Thatcher leafed through and found the second article: u. S. sailors spend four days adrift. Again he read, and again he felt his stomach churn. "Indianapolis. Do you think Braun had something to do with it? Or the Russians?"
"I think it's a hell of a coincidence," Ainsley replied.
"Eight hundred men — it ought to be investigated."
"It ought to be. But it's been a long war, Michael. I have a feeling we'll probably never know if there was any connection."
Thatcher nodded, then paused to consider it. "Perhaps it's best that way."
The telephone rang, and Ainsley answered, falling victim to his daily chores.
Thatcher briefly considered venturing across the hall to his own office, to inspect the mountain of papers that must certainly have accumulated in his absence. Instead, he pulled Lydia's letter from his pocket. After some hesitation, he forged it open and read.
Michael
We've been through a great deal together.

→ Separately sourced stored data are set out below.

Theorem lemma1 (C : numClosedFieldType) (n : nat) (d : nat -> nat)
    (rho : 'M[C]_(d 0)) (E : forall k, 'M[C]_(d k) -> 'M[C]_(d k.+1))
    (O OA OB : nat -> finType)
    (P : forall k, O k -> 'M[C]_(d k))
    (PA : forall k, OA k -> 'M[C]_(d k))
    (PB : forall k, OB k -> 'M[C]_(d k)) :
  process_ok n rho E ->
  (forall k : 'I_n.+1, proj_family (P k)) ->
  (forall k : 'I_n.+1, proj_family (PA k)) ->
  (forall k : 'I_n.+1, proj_family (PB k)) ->
  (* (1) sub-process KD = marginal of the full KD over the discarded times *)
  (forall ts : seq 'I_n.+1, incr_times ts ->
     (forall c : {dffun forall j : 'I_(size ts).+1, sub_O ts O j},
        kdR rho (sub_E E ts) (sub_P ts P) c
        = \sum_(b | restricts b c) kdR rho E P b)
     /\ (forall c : {dffun forall j : 'I_(size ts).+1, sub_O ts OA j},
        kdL rho (sub_E E ts) (sub_P ts PA) c
        = \sum_(a | restricts a c) kdL rho E PA a)
     /\ (forall (ca : {dffun forall j : 'I_(size ts).+1, sub_O ts OA j})
                (cb : {dffun forall j : 'I_(size ts).+1, sub_O ts OB j}),
        kdD rho (sub_E E ts) (sub_P ts PA) (sub_P ts PB) ca cb
        = \sum_(a | restricts a ca) \sum_(b | restricts b cb) kdD rho E PA PB a b))
  /\
  (* (2) two sub-processes with overlapping retained time sets S, T have the same
         marginals on the times in S \cap T *)
  (forall ts1 ts2 : seq 'I_n.+1, incr_times ts1 -> incr_times ts2 ->
     has (fun k => k \in ord0 :: ts2) (ord0 :: ts1) ->
     (forall e : {dffun forall k : 'I_n.+1, O k},
        \sum_(c | agrees_on ts2 e c) kdR rho (sub_E E ts1) (sub_P ts1 P) c
        = \sum_(c | agrees_on ts1 e c) kdR rho (sub_E E ts2) (sub_P ts2 P) c)
     /\ (forall e : {dffun forall k : 'I_n.+1, OA k},
        \sum_(c | agrees_on ts2 e c) kdL rho (sub_E E ts1) (sub_P ts1 PA) c
        = \sum_(c | agrees_on ts1 e c) kdL rho (sub_E E ts2) (sub_P ts2 PA) c)
     /\ (forall (ea : {dffun forall k : 'I_n.+1, OA k})
                (eb : {dffun forall k : 'I_n.+1, OB k}),
        \sum_(ca | agrees_on ts2 ea ca) \sum_(cb | agrees_on ts2 eb cb)
           kdD rho (sub_E E ts1) (sub_P ts1 PA) (sub_P ts1 PB) ca cb
        = \sum_(ca | agrees_on ts1 ea ca) \sum_(cb | agrees_on ts1 eb cb)
           kdD rho (sub_E E ts2) (sub_P ts2 PA) (sub_P ts2 PB) ca cb)).
Proof.
(* The overlap hypothesis is automatic: every sub-process retains t_0. *)
move=> proc HP HPA HPB; split=> [ts ts_incr | ts1 ts2 incr1 incr2 _].
  split; [|split].
  - exact: kdR_sub_marginal.
  - exact: kdL_sub_marginal.
  - exact: kdD_sub_marginal.
split; [|split] => *.
- by apply: marginals_agree => c; apply: kdR_sub_marginal.
- by apply: marginals_agree => c; apply: kdL_sub_marginal.
- by apply: marginals_agree2 => ca cb; apply: kdD_sub_marginal.
Qed.
(* Let $\lambda\in(0,\tfrac12)$ and let $G$ be a finite simple connected graph with $n$ vertices. Then $$mt^{e}_{\lambda}(G)\le (n-1)\lambda,$$ and equality holds when $G$ is the complete graph $K_n$ (at any of its vertices).
   Context: $d(u,v)$ denotes graph distance. For a vertex $u$ of $G=(V,E)$, $t^{e}_{\lambda}(u)=\sum_{v\in V\setminus\{u\}} d(u,v)\lambda^{d(u,v)}$, and $mt^{e}_{\lambda}(G)=\min\{t^{e}_{\lambda}(u):u\in V\}$. *)

From HB Require Import structures.
From mathcomp Require Import all_boot all_order all_algebra.
Set Implicit Arguments. Unset Strict Implicit. Unset Printing Implicit Defensive.
Import Order.TTheory GRing.Theory Num.Theory.

Definition simple_graph (T : finType) (e : rel T) : Prop :=
  symmetric e /\ irreflexive e.

Definition connected_graph (T : finType) (e : rel T) : Prop :=
  forall u v : T, connect e u v.

Definition complete_graph (T : finType) (e : rel T) : Prop :=
  forall u v : T, u != v -> e u v.

Definition walk_of_len (T : finType) (e : rel T) (u v : T) (k : nat) : bool :=
  [exists p : k.-tuple T, path e u p && (last u p == v)].

(* graph distance d(u,v): the least length of a walk from u to v
   (searched among 0..#|T|-1, which suffices for connected graphs). *)
Definition gdist (T : finType) (e : rel T) (u v : T) : nat :=
  find (walk_of_len e u v) (iota 0 #|T|).

Local Open Scope ring_scope.

Definition te (R : realFieldType) (T : finType) (e : rel T) (lam : R) (u : T) : R :=
  \sum_(v : T | v != u) (gdist e u v)%:R * lam ^+ (gdist e u v).

(* mt^e_lambda(G) = min_u t^e_lambda(u); u0 is any vertex (used only as seed). *)
Definition mte (R : realFieldType) (T : finType) (e : rel T) (lam : R) (u0 : T) : R :=
  \big[Order.min/te e lam u0]_(u : T) te e lam u.

From mathcomp Require Import all_boot all_order all_algebra.
From mathcomp Require Import lra.
Import Order.TTheory GRing.Theory Num.Theory.
Local Open Scope ring_scope.

(* For 0 < lam < 1/2 every term d lam^d of t^e_lam(u) is at most lam, with
   equality exactly when d = 1; so t^e_lam(u) <= (n - 1) lam at every vertex,
   with equality at every vertex of K_n. *)

Lemma natrS_mul_expr_le1 (R : realFieldType) (lam : R) (k : nat) :
  0 <= lam -> lam <= 1 / 2 -> k.+1%:R * lam ^+ k <= 1.
Proof.
(* (k + 2) lam^(k+1) <= 2 lam (k + 1) lam^k <= 2 lam <= 1 *)
move=> lam_ge0 lam_le_half.
elim: k => [|k IHk]; first by rewrite mul1r expr0.
have lam_k_ge0 : 0 <= lam ^+ k by rewrite exprn_ge0.
have k2_le : k.+2%:R <= 2 * k.+1%:R :> R.
  by rewrite -natrM ler_nat mul2n -addnn addnS ltnS leq_addr.
have le2 : k.+2%:R * lam ^+ k <= 2.
  rewrite -[2 in X in _ <= X]mulr1 (le_trans _ (ler_wpM2l _ IHk)) //.
  by rewrite mulrA ler_wpM2r.
have lam2_le1 : lam * 2 <= 1 by lra.
by rewrite exprS mulrCA (le_trans (ler_wpM2l lam_ge0 le2)).
Qed.

Lemma natr_mul_expr_le (R : realFieldType) (lam : R) (k : nat) :
  0 <= lam -> lam <= 1 / 2 -> k%:R * lam ^+ k <= lam.
Proof.
move=> lam_ge0 lam_le_half; case: k => [|k]; first by rewrite mul0r.
by rewrite exprS mulrCA ler_piMr ?natrS_mul_expr_le1 // mulr_ge0 ?exprn_ge0.
Qed.

Lemma sumr_neq_const {T : finType} (u : T) {R : pzSemiRingType} (c : R) :
  \sum_(v : T | v != u) c = (#|T| - 1)%:R * c.
Proof. by rewrite sumr_const cardC1 subn1 mulr_natl. Qed.

Lemma te_le {R : realFieldType} {T : finType} (e : rel T) (lam : R) (u : T) :
  0 <= lam -> lam <= 1 / 2 -> te e lam u <= (#|T| - 1)%:R * lam.
Proof.
move=> lam_ge0 lam_le_half; rewrite -(sumr_neq_const u).
by apply: ler_sum => v _; apply: natr_mul_expr_le.
Qed.

Lemma gdist_complete {T : finType} (e : rel T) (u v : T) :
  complete_graph e -> u != v -> gdist e u v = 1%N.
Proof.
move=> e_complete uv.
have : (1 < #|T|)%N by rewrite (cardD1 u) (cardD1 v) !inE eq_sym uv.
rewrite /gdist /walk_of_len; case: #|T| => [|[|n]] //= _.
have no_walk0 : [exists p : 0.-tuple T, path e u p && (last u p == v)] = false.
  by apply/negbTE/existsPn => p; rewrite tuple0 /= (negbTE uv).
have walk1 : [exists p : 1.-tuple T, path e u p && (last u p == v)].
  by apply/existsP; exists [tuple v]; rewrite /= e_complete // eqxx.
by rewrite no_walk0 walk1.
Qed.

Lemma te_complete {R : realFieldType} {T : finType} (e : rel T) (lam : R) (u : T) :
  complete_graph e -> te e lam u = (#|T| - 1)%:R * lam.
Proof.
move=> e_complete; rewrite -(sumr_neq_const u); apply: eq_bigr => v vu.
by rewrite gdist_complete 1?eq_sym // mul1r expr1.
Qed.

Lemma mte_le_te {R : realFieldType} {T : finType} (e : rel T) (lam : R) (u0 : T) :
  mte e lam u0 <= te e lam u0.
Proof. exact: bigmin_le_id. Qed.

Lemma mte_te_const {R : realFieldType} {T : finType} (e : rel T) (lam c : R) (u0 : T) :
  (forall u, te e lam u = c) -> mte e lam u0 = c.
Proof.
move=> te_c; rewrite /mte; under eq_bigr do rewrite te_c.
by rewrite te_c bigmin_eq_id.
Qed.

Theorem theorem4 (R : realFieldType) (T : finType) (e : rel T) (lam : R) (u0 : T) :
  simple_graph e -> connected_graph e -> 0 < lam -> lam < 1 / 2 ->
  mte e lam u0 <= (#|T| - 1)%:R * lam /\
  (complete_graph e ->
     mte e lam u0 = (#|T| - 1)%:R * lam /\
     forall u : T, te e lam u = (#|T| - 1)%:R * lam).
Proof.
move=> _ _ /ltW lam_ge0 /ltW lam_le_half; split.
  apply: le_trans (mte_le_te e lam u0) _; exact: te_le.
move=> e_complete; have te_n1 u := te_complete e lam u e_complete.
by split; first exact: mte_te_const.
Qed.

I asked you to not open this letter until your arrival in England because I know it will take time for us to collect our lives.
You are, I think, the bravest man I've known. I realize there is an ocean between us now, but I dearly hope that someday we might see each other again. I say this not with the prospect of looking back to reminisce over the terrible events we left behind. Instead, I think you and I, more than most, can appreciate the possibilities of what is yet to come.
With deepest affection, Lydia
Thatcher read the letter three times. He then folded it carefully and sat very still, playing her voice in his mind. And what would come? The future tense had been foreign to his thoughts for so long.
Ainsley hung up his telephone. "Apparently we'll be getting another tomorrow — a colonel from the 7th Army Headquarters who —" Ainsley stopped in mid-sentence and stared at Thatcher. "Are you hearing any of this?"
When the question broke Thatcher's thoughts, he could think of only one thing to say. "I think you're right, Roger. I'm going to take some time off."
Ainsley walked around his desk and put a hand on Thatcher's shoulder. "Take as much as you need, Michael. God knows, you've earned it."
Thatcher left Ainsley's office and passed his own without a glance. There would be others to find, he knew. It might take years, even decades to track them all down. In time, he would do his share. But not today. And not tomorrow. As he walked down the hall his pace quickened. He could almost hear Madeline's strong, clear voice urging him elsewhere — It's time to live now, Michael Live!
Outside, Thatcher struggled onto his bicycle and began to pedal surely through the warm August rain.
Author's Note
The sinking of the USS Indianapolis has long been shrouded in mystery, but the same can be said for any number of events that occurred during World War II. The true circumstances of such tragedies are, of course, generally more ordinary than writers of fiction would imagine. What is not at question are the sacrifices made then, and continuing to this day, by the generation who fought those battles both at home and on the fronts.